§ Your goal
Look through the records below for the line with "have iter_MX k" and the line with "rewrite (iter_derD poly_derD) iter_MX iter_C.", then return those lines and all lines between, exactly.
----- Records to use -----
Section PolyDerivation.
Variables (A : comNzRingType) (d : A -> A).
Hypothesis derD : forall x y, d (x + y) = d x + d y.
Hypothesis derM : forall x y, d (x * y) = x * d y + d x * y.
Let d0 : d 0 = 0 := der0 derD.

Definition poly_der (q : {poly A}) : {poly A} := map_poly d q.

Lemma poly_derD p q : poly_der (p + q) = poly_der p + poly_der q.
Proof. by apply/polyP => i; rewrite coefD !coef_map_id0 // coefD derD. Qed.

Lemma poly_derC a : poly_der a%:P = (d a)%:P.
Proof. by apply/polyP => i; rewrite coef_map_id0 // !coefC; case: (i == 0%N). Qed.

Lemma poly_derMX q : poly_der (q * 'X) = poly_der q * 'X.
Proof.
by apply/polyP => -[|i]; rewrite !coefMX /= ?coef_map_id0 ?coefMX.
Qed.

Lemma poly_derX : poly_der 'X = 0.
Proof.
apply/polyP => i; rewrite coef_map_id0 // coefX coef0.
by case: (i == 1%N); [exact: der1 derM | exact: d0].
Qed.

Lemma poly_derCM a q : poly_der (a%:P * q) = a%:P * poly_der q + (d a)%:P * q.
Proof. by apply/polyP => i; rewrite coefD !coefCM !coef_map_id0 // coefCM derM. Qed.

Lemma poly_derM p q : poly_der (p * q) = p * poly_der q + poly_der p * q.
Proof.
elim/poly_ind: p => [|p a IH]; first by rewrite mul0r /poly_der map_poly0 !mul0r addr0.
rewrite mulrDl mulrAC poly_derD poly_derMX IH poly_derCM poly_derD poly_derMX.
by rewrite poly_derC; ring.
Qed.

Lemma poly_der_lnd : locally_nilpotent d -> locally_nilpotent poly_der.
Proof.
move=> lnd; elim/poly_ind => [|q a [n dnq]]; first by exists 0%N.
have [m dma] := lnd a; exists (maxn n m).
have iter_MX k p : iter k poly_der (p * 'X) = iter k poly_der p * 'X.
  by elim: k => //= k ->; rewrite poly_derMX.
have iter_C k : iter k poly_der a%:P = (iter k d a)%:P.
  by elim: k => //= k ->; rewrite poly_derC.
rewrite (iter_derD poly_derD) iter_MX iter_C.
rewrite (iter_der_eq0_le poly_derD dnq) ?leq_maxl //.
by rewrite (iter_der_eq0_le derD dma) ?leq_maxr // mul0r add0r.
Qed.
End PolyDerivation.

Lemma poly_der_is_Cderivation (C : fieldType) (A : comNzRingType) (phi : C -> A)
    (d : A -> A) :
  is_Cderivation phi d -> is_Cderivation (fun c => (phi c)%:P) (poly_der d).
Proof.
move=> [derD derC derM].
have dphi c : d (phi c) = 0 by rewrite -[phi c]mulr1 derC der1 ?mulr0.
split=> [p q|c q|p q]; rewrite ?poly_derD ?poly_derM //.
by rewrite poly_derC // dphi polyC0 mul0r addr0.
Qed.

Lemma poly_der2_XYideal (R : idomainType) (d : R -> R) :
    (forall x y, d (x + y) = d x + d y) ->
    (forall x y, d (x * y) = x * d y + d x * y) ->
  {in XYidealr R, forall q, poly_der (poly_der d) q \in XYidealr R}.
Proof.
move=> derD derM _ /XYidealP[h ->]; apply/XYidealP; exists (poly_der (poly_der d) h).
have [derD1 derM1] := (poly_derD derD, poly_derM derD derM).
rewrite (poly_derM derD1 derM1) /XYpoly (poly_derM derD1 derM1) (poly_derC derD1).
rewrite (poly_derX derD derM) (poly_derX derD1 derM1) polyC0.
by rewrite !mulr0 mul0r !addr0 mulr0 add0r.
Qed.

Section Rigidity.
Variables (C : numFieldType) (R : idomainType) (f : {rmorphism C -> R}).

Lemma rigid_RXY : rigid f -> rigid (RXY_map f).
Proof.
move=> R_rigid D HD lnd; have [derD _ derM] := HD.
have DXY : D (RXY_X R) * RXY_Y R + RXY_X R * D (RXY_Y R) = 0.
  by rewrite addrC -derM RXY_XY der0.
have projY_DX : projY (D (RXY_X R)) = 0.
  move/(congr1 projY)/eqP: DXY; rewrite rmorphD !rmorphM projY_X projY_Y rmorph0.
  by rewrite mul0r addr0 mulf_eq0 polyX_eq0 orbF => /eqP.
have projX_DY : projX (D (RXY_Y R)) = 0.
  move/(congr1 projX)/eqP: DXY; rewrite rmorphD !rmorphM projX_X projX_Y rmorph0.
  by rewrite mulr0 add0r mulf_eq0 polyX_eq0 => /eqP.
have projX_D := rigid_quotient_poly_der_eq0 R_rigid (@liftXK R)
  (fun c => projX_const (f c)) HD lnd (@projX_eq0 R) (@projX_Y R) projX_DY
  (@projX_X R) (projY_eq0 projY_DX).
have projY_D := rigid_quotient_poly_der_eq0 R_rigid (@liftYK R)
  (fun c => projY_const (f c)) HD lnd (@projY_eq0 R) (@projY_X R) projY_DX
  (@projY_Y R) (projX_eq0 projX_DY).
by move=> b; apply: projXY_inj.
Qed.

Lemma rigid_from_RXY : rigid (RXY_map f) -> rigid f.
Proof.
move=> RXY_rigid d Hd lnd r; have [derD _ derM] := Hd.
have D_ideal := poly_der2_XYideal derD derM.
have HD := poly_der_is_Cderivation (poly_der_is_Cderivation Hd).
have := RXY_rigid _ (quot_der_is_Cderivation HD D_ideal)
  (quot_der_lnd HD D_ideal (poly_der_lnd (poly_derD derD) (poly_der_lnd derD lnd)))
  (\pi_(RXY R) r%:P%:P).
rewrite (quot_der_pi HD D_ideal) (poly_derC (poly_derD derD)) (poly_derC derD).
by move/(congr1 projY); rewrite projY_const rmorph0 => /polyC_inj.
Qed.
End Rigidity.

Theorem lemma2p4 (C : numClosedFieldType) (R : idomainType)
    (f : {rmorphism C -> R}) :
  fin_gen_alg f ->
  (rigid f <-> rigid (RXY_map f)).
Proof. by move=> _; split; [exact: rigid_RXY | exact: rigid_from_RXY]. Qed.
-----
----- Records to use -----
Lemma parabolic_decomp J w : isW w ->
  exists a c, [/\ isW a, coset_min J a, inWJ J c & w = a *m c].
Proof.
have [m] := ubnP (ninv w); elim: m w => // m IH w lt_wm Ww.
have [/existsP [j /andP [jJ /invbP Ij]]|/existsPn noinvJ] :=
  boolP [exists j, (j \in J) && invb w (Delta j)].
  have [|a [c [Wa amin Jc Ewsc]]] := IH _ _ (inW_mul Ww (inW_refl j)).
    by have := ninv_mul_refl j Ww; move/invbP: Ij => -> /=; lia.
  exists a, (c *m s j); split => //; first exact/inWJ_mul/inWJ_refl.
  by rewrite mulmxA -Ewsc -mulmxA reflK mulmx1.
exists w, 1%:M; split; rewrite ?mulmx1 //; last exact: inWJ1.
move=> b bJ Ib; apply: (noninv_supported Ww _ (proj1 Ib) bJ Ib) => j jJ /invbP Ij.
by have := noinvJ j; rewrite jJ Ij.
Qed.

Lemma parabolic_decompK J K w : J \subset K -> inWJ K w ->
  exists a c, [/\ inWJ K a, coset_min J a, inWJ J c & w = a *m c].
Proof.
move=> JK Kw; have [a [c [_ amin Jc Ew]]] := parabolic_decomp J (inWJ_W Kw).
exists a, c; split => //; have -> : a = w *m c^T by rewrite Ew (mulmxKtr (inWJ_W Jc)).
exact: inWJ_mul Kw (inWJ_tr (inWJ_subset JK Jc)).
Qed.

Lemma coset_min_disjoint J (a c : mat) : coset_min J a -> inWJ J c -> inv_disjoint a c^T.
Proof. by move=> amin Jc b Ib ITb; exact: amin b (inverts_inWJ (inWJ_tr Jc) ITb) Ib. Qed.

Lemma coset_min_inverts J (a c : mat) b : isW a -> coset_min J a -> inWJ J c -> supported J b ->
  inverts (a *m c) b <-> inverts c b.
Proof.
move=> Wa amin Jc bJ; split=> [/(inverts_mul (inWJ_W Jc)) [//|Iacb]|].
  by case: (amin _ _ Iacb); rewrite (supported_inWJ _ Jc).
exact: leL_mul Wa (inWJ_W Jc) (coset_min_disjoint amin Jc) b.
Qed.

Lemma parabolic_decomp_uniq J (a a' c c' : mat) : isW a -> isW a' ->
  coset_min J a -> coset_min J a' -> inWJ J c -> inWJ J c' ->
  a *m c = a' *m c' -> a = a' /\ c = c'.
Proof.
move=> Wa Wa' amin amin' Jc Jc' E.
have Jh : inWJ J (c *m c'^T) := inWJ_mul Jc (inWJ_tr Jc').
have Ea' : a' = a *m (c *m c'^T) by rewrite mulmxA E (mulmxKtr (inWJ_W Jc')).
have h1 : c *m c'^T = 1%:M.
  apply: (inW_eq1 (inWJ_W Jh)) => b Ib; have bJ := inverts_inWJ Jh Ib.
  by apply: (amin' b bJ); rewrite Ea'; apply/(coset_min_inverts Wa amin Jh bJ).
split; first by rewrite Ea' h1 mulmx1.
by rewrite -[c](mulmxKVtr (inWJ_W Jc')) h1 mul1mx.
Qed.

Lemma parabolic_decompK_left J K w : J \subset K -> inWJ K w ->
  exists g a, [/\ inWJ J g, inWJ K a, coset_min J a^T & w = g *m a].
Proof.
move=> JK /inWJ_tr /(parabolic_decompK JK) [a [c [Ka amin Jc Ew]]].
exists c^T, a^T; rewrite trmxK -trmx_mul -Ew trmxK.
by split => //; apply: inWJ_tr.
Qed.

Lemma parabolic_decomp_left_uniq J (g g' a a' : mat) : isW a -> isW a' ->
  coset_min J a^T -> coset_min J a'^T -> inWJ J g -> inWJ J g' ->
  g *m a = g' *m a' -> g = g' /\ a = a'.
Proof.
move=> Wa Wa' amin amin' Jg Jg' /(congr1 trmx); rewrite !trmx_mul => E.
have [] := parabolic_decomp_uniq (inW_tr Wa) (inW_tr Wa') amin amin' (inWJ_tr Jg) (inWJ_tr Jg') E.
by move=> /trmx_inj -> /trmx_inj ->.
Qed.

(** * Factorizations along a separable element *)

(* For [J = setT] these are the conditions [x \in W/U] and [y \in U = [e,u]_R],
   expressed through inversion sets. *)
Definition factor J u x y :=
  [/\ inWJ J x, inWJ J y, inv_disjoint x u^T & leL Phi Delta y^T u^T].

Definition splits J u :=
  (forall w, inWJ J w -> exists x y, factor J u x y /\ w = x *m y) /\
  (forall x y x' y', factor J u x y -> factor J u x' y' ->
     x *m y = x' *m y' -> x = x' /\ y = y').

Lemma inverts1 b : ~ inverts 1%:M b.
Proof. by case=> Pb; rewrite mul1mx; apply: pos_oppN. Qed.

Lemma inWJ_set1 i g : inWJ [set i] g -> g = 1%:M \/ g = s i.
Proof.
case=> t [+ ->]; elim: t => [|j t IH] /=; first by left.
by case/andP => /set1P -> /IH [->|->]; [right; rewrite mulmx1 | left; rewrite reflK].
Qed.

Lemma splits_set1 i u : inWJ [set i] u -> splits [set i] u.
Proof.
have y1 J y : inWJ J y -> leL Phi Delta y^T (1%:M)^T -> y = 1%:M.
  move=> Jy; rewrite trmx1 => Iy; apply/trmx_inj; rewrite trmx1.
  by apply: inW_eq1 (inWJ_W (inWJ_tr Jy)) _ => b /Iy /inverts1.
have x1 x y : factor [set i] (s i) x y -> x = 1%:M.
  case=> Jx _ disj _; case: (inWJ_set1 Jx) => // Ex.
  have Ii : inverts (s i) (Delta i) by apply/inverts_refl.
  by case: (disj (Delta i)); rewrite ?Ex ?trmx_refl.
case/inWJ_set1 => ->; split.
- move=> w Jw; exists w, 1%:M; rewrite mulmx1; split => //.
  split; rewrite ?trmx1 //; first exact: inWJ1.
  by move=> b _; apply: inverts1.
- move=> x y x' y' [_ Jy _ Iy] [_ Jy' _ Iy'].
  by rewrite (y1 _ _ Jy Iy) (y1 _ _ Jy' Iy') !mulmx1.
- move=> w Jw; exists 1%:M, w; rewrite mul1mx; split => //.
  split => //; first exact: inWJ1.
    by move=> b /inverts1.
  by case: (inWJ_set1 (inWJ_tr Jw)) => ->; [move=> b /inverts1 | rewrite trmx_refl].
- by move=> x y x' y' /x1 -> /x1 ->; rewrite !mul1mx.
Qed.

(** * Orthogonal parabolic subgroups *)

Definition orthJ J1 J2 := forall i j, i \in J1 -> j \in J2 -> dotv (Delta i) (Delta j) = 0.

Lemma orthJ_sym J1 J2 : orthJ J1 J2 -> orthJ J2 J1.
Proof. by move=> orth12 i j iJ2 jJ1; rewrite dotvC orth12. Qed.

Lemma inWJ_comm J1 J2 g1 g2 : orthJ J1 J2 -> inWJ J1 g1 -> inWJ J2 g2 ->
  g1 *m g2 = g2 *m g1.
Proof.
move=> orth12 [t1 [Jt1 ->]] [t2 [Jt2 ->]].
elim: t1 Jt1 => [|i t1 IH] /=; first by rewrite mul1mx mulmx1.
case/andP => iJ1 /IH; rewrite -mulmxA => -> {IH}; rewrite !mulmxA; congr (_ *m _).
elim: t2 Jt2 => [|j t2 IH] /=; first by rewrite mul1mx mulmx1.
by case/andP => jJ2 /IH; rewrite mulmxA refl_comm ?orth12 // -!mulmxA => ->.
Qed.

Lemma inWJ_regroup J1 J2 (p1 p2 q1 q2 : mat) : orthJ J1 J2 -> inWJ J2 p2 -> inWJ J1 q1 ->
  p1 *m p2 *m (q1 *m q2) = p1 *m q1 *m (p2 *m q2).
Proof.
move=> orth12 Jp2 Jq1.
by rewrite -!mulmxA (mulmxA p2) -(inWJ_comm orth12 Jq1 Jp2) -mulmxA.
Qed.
-----
§ Exercise result
have iter_MX k p : iter k poly_der (p * 'X) = iter k poly_der p * 'X.
  by elim: k => //= k ->; rewrite poly_derMX.
have iter_C k : iter k poly_der a%:P = (iter k d a)%:P.
  by elim: k => //= k ->; rewrite poly_derC.
rewrite (iter_derD poly_derD) iter_MX iter_C.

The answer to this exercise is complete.